Перемещающиеся в центростремительном направлении по тонким А-дельта и С-волокнам болевые импульсы достигают сначала расположенные в спинномозговых ганглиях первые чувствительные нейроны, а затем достигают тел вторых нейронов, т. е. Т-клеток, расположенных в задних рогах спинного мозга. Кроме того, от аксонов первого чувствительного нейрона отходят коллатерали, которые оканчиваются на клетках желатинозной субстанции, аксоны которых также оканчиваются на Т-клетках.
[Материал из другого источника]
Lemma RInt_mul_cos_by_parts (F dF : R -> R) r a b :
  r <> 0 -> a <= b ->
  (forall x, a <= x <= b -> is_derive F x (dF x)) ->
  (forall x, a <= x <= b -> continuous dF x) ->
  RInt (fun x => F x * cos (x * r)) a b =
    (F b * sin (b * r) - F a * sin (a * r) - RInt (fun x => dF x * sin (x * r)) a b) / r.
Proof.
intros Hr Hab HF HdF.
assert (Hsin : forall x, continuous (fun x => sin (x * r)) x)
  by (intros x; apply (ex_derive_continuous (V := R_NormedModule)); auto_derive; auto).
assert (Hcos : forall x, continuous (fun x => cos (x * r) * r) x)
  by (intros x; apply (ex_derive_continuous (V := R_NormedModule)); auto_derive; auto).
set (dG := fun x => dF x * sin (x * r) + F x * (cos (x * r) * r)).
assert (HG : is_RInt dG a b (minus (F b * sin (b * r)) (F a * sin (a * r)))).
{ apply (is_RInt_derive (fun x => F x * sin (x * r))); rewrite Rmin_left, Rmax_right by lra;
    intros x Hx.
  - apply (is_derive_mult F (fun x => sin (x * r))); [now apply HF| |apply Rmult_comm].
    auto_derive; auto. ring.
  - apply (continuous_plus (fun x => dF x * sin (x * r))).
    + apply (continuous_mult dF); [now apply HdF|apply Hsin].
    + apply (continuous_mult F); [|apply Hcos].
      apply (ex_derive_continuous (V := R_NormedModule)). eexists. now apply HF. }
assert (Hex : ex_RInt (fun x => dF x * sin (x * r)) a b).
{ apply (ex_RInt_continuous (V := R_CompleteNormedModule)).
  rewrite Rmin_left, Rmax_right by lra. intros x Hx.
  apply (continuous_mult dF); [now apply HdF|apply Hsin]. }
assert (HI : is_RInt (fun x => F x * cos (x * r)) a b
  (scal (/ r) (minus (minus (F b * sin (b * r)) (F a * sin (a * r)))
     (RInt (fun x => dF x * sin (x * r)) a b)))).
{ apply (is_RInt_ext (fun x => scal (/ r) (minus (dG x) (dF x * sin (x * r))))).
  2: exact (is_RInt_scal _ _ _ _ _ (is_RInt_minus _ _ _ _ _ _ HG (RInt_correct _ _ _ Hex))).
  intros x _. unfold dG, scal, minus, plus, opp; simpl. change mult with Rmult. field. exact Hr. }
rewrite (is_RInt_unique _ _ _ _ HI).
unfold scal, minus, plus, opp; simpl. change mult with Rmult. unfold Rdiv. ring.
Qed.

Lemma is_lim_mul_sin_0 (F : R -> R) r :
  is_lim F p_infty 0 -> is_lim (fun x => F x * sin (x * r)) p_infty 0.
Proof.
intros HF. apply filterlim_locally. intros eps.
generalize (proj1 (filterlim_locally F 0) HF eps). apply filter_imp. intros x Hx.
change (Rabs (F x * sin (x * r) - 0) < eps). change (Rabs (F x - 0) < eps) in Hx.
rewrite Rminus_0_r in *. exact (Rle_lt_trans _ _ _ (abs_mul_sin_le _ _) Hx).
Qed.

Lemma is_lim_RInt_mul_cos (F dF : R -> R) r a K :
  0 < r -> 0 < a -> 0 <= K ->
  (forall x, a <= x -> is_derive F x (dF x)) ->
  (forall x, a <= x -> continuous dF x) ->
  (forall x, a <= x -> Rabs (dF x) <= K / (x * x)) ->
  is_lim F p_infty 0 ->
  exists J : R, is_lim (fun b => RInt (fun x => F x * cos (x * r)) a b) p_infty J /\
    Rabs J <= (Rabs (F a) + K / a) / r.
Proof.
intros Hr Ha HK HF HdFc HdF HF0.
set (Fs := fun x => F x * sin (x * r)).
set (dFs := fun x => dF x * sin (x * r)).
destruct (is_lim_RInt_of_inv_square_bound dFs a K Ha HK) as [L [HL HLbd]].
- intros b Hb. apply (ex_RInt_continuous (V := R_CompleteNormedModule)).
  rewrite Rmin_left, Rmax_right by lra. intros x Hx.
  apply (continuous_mult dF); [apply HdFc; lra|].
  apply (ex_derive_continuous (V := R_NormedModule)). auto_derive. auto.
- intros x Hx. apply (Rle_trans _ _ _ (abs_mul_sin_le _ _)). now apply HdF.
- exists ((0 - Fs a - L) / r). split.
  + apply (is_lim_ext_loc (fun b => (Fs b - Fs a - RInt dFs a b) * / r)).
    * exists a. intros b Hb. symmetry.
      apply (RInt_mul_cos_by_parts F dF); [lra|lra| |]; intros x Hx; [apply HF|apply HdFc]; lra.
    * apply (is_lim_scal_r _ (/ r) p_infty (0 - Fs a - L)).
      apply is_lim_minus'; [apply is_lim_minus'|exact HL].
      -- now apply is_lim_mul_sin_0.
      -- apply is_lim_const.
  + unfold Rdiv. rewrite Rabs_mult, (Rabs_pos_eq (/ r)) by (apply Rlt_le, Rinv_0_lt_compat, Hr).
    apply Rmult_le_compat_r; [apply Rlt_le, Rinv_0_lt_compat, Hr|].
    replace (0 - Fs a - L) with (- Fs a + - L) by ring.
    eapply Rle_trans; [apply Rabs_triang|]. rewrite !Rabs_Ropp.
    generalize (abs_mul_sin_le (F a) (a * r)). unfold Fs, Rdiv in *. lra.
Qed.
Нервные импульсы, поступающие по коллатералям тонких миелинизированных А-дельта-волокон оказывают тормозное действие на Т-клетки, в тоже время импульсация, приходящая в спинной мозг по немиелинизированным С-волокнам, нейтрализует это тормозное воздействие на Т-клетки, вызывая их стойкое возбуждение (стойкое болевое ощущение). Мелзаком и Уоллом в 1965 году было высказано предположение, что усиление импульсации по толстым волокнам (А-альфа) может затормозить это стойкое возбуждение и привести к облегчению боли. Таким образом, первым центральным звеном, воспринимающим афферентную информацию, является нейрональная система заднего рога спинного мозга.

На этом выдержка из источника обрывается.